[Collected data]
(** * Percolation expectations *)

Lemma setDU_disjoint (T : finType) (E1 E2 X1 X2 : {set T}) : [disjoint E1 & E2] ->
  X1 \subset E1 -> X2 \subset E2 ->
  (E1 :|: E2) :\: (X1 :|: X2) = (E1 :\: X1) :|: (E2 :\: X2).
Proof.
move=> dE sX1 sX2; have dE' : [disjoint E2 & E1] by rewrite disjoint_sym.
rewrite setDUl !setDUr (setDidPl (disjointWr sX2 dE)) (setDidPl (disjointWr sX1 dE')).
by rewrite (setIidPl (subsetDl _ _)) (setIidPr (subsetDl _ _)).
Qed.

Lemma setUIl_disjoint (T : finType) (E1 E2 X1 X2 : {set T}) : [disjoint E1 & E2] ->
  X1 \subset E1 -> X2 \subset E2 -> (X1 :|: X2) :&: E1 = X1.
Proof.
move=> dE sX1 sX2; rewrite setIUl (setIidPl sX1).
by rewrite (disjoint_setI0 (disjointWl sX2 _)) ?setU0 // disjoint_sym.
Qed.

Section PercolationExpectation.
Variables (R : comNzRingType) (V : finType).
Implicit Types (E X : {set {set V}}) (mu : {set V} -> R) (h : {set {set V}} -> R).

Definition perc_weight E mu X : R :=
  (\prod_(f in X) mu f) * \prod_(f in E :\: X) (1 - mu f).

Definition perc_exp E mu h : R := \sum_(X in powerset E) perc_weight E mu X * h X.

Lemma eq_perc_exp E mu h h' :
  {in powerset E, h =1 h'} -> perc_exp E mu h = perc_exp E mu h'.
Proof. by move=> eqh; apply: eq_bigr => X /eqh ->. Qed.

Lemma eq_perc_exp_mu E mu mu' h :
  {in E, mu =1 mu'} -> perc_exp E mu h = perc_exp E mu' h.
Proof.
move=> eqmu; apply: eq_bigr => X; rewrite powersetE => sXE; congr (_ * _ * _).
  by apply: eq_bigr => f fX; rewrite eqmu // (subsetP sXE).
by apply: eq_bigr => f /setDP[fE _]; rewrite eqmu.
Qed.

Lemma perc_expD E mu h h' :
  perc_exp E mu (fun X => h X + h' X) = perc_exp E mu h + perc_exp E mu h'.
Proof. by rewrite -big_split; apply: eq_bigr => X _; rewrite mulrDr. Qed.

Lemma perc_expZ E mu c h :
  perc_exp E mu (fun X => c * h X) = c * perc_exp E mu h.
Proof. by rewrite mulr_sumr; apply: eq_bigr => X _; rewrite mulrCA. Qed.

Lemma perc_exp0 E mu : perc_exp E mu (fun=> 0) = 0.
Proof. by apply: big1 => X _; rewrite mulr0. Qed.

Lemma perc_expZr E mu c h :
  perc_exp E mu (fun X => h X * c) = perc_exp E mu h * c.
Proof. by rewrite mulr_suml; apply: eq_bigr => X _; rewrite mulrA. Qed.

Lemma perc_expB E mu h h' :
  perc_exp E mu (fun X => h X - h' X) = perc_exp E mu h - perc_exp E mu h'.
Proof. by rewrite -sumrB; apply: eq_bigr => X _; rewrite mulrBr. Qed.

Lemma perc_exp_set1 f mu h :
  perc_exp [set f] mu h = mu f * h [set f] + (1 - mu f) * h set0.
Proof.
have f_notin0 : [set f] \notin [set set0].
  by rewrite inE; apply/eqP => /setP/(_ f); rewrite !inE eqxx.
rewrite /perc_exp powerset1 setUC big_setU1 //= big_set1 /perc_weight setDv setD0.
by rewrite !big_set0 !big_set1 mul1r mulr1 addrC.
Qed.

Lemma perc_weight_setU E1 E2 mu X1 X2 : [disjoint E1 & E2] ->
  X1 \subset E1 -> X2 \subset E2 ->
  perc_weight (E1 :|: E2) mu (X1 :|: X2) = perc_weight E1 mu X1 * perc_weight E2 mu X2.
Proof.
move=> dE sX1 sX2.
have prodU (A B : {set {set V}}) (F : {set V} -> R) : [disjoint A & B] ->
    \prod_(f in A :|: B) F f = (\prod_(f in A) F f) * \prod_(f in B) F f.
  move=> dAB; rewrite (eq_bigl [predU A & B]); first exact: bigU.
  by move=> f; rewrite !inE.
have dX : [disjoint X1 & X2] by apply: disjointWl sX1 (disjointWr sX2 dE).
have dD : [disjoint E1 :\: X1 & E2 :\: X2].
  exact: disjointWl (subsetDl _ _) (disjointWr (subsetDl _ _) dE).
rewrite /perc_weight (setDU_disjoint dE sX1 sX2).
by rewrite (prodU _ _ _ dX) (prodU _ _ _ dD) mulrACA.
Qed.

Lemma perc_exp_setU E1 E2 mu h : [disjoint E1 & E2] ->
  perc_exp (E1 :|: E2) mu h =
  perc_exp E1 mu (fun X1 => perc_exp E2 mu (fun X2 => h (X1 :|: X2))).
Proof.
move=> dE; have dE' : [disjoint E2 & E1] by rewrite disjoint_sym.
pose P := setX (powerset E1) (powerset E2).
have imP : powerset (E1 :|: E2) = [set p.1 :|: p.2 | p in P].
  apply/setP => X; rewrite powersetE; apply/idP/imsetP => [sX|[[X1 X2]]].
    exists (X :&: E1, X :&: E2); first by rewrite !inE !subsetIr.
    by rewrite /= -setIUr (setIidPl sX).
  by rewrite !inE /= => /andP[s1 s2] ->; apply: setUSS.
have injP : {in P &, injective (fun p => p.1 :|: p.2)}.
  move=> [X1 X2] [Y1 Y2]; rewrite !inE /= => /andP[sX1 sX2] /andP[sY1 sY2] eXY.
  congr pair.
    by rewrite -(setUIl_disjoint dE sX1 sX2) eXY (setUIl_disjoint dE sY1 sY2).
  by rewrite -(setUIl_disjoint dE' sX2 sX1) setUC eXY setUC (setUIl_disjoint dE' sY2 sY1).
rewrite /perc_exp imP big_imset //=.
rewrite (eq_bigl (fun p => (p.1 \in powerset E1) && (p.2 \in powerset E2))); last first.
  by move=> [X1 X2]; rewrite !inE.
rewrite -(pair_big_dep (fun X1 => X1 \in powerset E1) (fun _ X2 => X2 \in powerset E2)
  (fun X1 X2 => perc_weight (E1 :|: E2) mu (X1 :|: X2) * h (X1 :|: X2))) /=.
apply: eq_bigr => X1; rewrite powersetE => sX1; rewrite mulr_sumr.
apply: eq_bigr => X2; rewrite powersetE => sX2.
by rewrite perc_weight_setU // mulrA.
Qed.

Lemma perc_exp_edge E f mu h : f \in E ->
  perc_exp E mu h = mu f * perc_exp (E :\ f) mu (fun X => h (f |: X))
                    + (1 - mu f) * perc_exp (E :\ f) mu h.
Proof.
move=> fE; rewrite -{1}(setD1K fE) perc_exp_setU; last by rewrite disjoints1 !inE eqxx.
by rewrite perc_exp_set1; congr (_ + _ * _); apply: eq_perc_exp => X _; rewrite set0U.
Qed.

Lemma perc_exp1 E mu : perc_exp E mu (fun=> 1) = 1.
Proof.
elim: {E}_.+1 {-2}E (ltnSn #|E|) => // n IHn E.
case: (set_0Vmem E) => [-> _|[f fE]].
  by rewrite /perc_exp powerset0 big_set1 /perc_weight setD0 !big_set0 !mulr1.
rewrite (cardsD1 f) fE add1n ltnS => ltEn.
by rewrite (perc_exp_edge _ _ fE) !IHn // !mulr1 addrC subrK.
Qed.

Lemma perc_exp_if E mu (ev : pred {set {set V}}) a b :
  perc_exp E mu (fun X => if ev X then a else b) =
  perc_exp E mu (fun X => (ev X)%:R) * a + (1 - perc_exp E mu (fun X => (ev X)%:R)) * b.
Proof.
have -> : perc_exp E mu (fun X => if ev X then a else b) =
          perc_exp E mu (fun X => a * (ev X)%:R + b * (1 - (ev X)%:R)).
  by apply: eq_perc_exp => X _; case: (ev X); rewrite ?subrr ?subr0 ?mulr1 ?mulr0 ?addr0 ?add0r.
by rewrite perc_expD !perc_expZ perc_expB perc_exp1 mulrC [b * _]mulrC.
Qed.

Lemma perc_exp_closed E f mu h : f \in E ->
  perc_exp E [eta mu with f |-> 0] h = perc_exp (E :\ f) mu h.
Proof.
move=> fE; rewrite (perc_exp_edge _ _ fE) /= eqxx mul0r add0r subr0 mul1r.
by apply: eq_perc_exp_mu => g /setD1P[/negPf /= ->].
Qed.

#### [WHAT TO WORK ON]
Print the lines above from the one with "move=> [X1 X2] [Y1" through the one with "move=> fE; rewrite (perc_exp_edge", both included, exactly as written and nothing more.

#### [FINISHED TASK]
  move=> [X1 X2] [Y1 Y2]; rewrite !inE /= => /andP[sX1 sX2] /andP[sY1 sY2] eXY.
  congr pair.
    by rewrite -(setUIl_disjoint dE sX1 sX2) eXY (setUIl_disjoint dE sY1 sY2).
  by rewrite -(setUIl_disjoint dE' sX2 sX1) setUC eXY setUC (setUIl_disjoint dE' sY2 sY1).
rewrite /perc_exp imP big_imset //=.
rewrite (eq_bigl (fun p => (p.1 \in powerset E1) && (p.2 \in powerset E2))); last first.
  by move=> [X1 X2]; rewrite !inE.
rewrite -(pair_big_dep (fun X1 => X1 \in powerset E1) (fun _ X2 => X2 \in powerset E2)
  (fun X1 X2 => perc_weight (E1 :|: E2) mu (X1 :|: X2) * h (X1 :|: X2))) /=.
apply: eq_bigr => X1; rewrite powersetE => sX1; rewrite mulr_sumr.
apply: eq_bigr => X2; rewrite powersetE => sX2.
by rewrite perc_weight_setU // mulrA.
Qed.

Lemma perc_exp_edge E f mu h : f \in E ->
  perc_exp E mu h = mu f * perc_exp (E :\ f) mu (fun X => h (f |: X))
                    + (1 - mu f) * perc_exp (E :\ f) mu h.
Proof.
move=> fE; rewrite -{1}(setD1K fE) perc_exp_setU; last by rewrite disjoints1 !inE eqxx.
by rewrite perc_exp_set1; congr (_ + _ * _); apply: eq_perc_exp => X _; rewrite set0U.
Qed.

Lemma perc_exp1 E mu : perc_exp E mu (fun=> 1) = 1.
Proof.
elim: {E}_.+1 {-2}E (ltnSn #|E|) => // n IHn E.
case: (set_0Vmem E) => [-> _|[f fE]].
  by rewrite /perc_exp powerset0 big_set1 /perc_weight setD0 !big_set0 !mulr1.
rewrite (cardsD1 f) fE add1n ltnS => ltEn.
by rewrite (perc_exp_edge _ _ fE) !IHn // !mulr1 addrC subrK.
Qed.

Lemma perc_exp_if E mu (ev : pred {set {set V}}) a b :
  perc_exp E mu (fun X => if ev X then a else b) =
  perc_exp E mu (fun X => (ev X)%:R) * a + (1 - perc_exp E mu (fun X => (ev X)%:R)) * b.
Proof.
have -> : perc_exp E mu (fun X => if ev X then a else b) =
          perc_exp E mu (fun X => a * (ev X)%:R + b * (1 - (ev X)%:R)).
  by apply: eq_perc_exp => X _; case: (ev X); rewrite ?subrr ?subr0 ?mulr1 ?mulr0 ?addr0 ?add0r.
by rewrite perc_expD !perc_expZ perc_expB perc_exp1 mulrC [b * _]mulrC.
Qed.

Lemma perc_exp_closed E f mu h : f \in E ->
  perc_exp E [eta mu with f |-> 0] h = perc_exp (E :\ f) mu h.
Proof.
move=> fE; rewrite (perc_exp_edge _ _ fE) /= eqxx mul0r add0r subr0 mul1r.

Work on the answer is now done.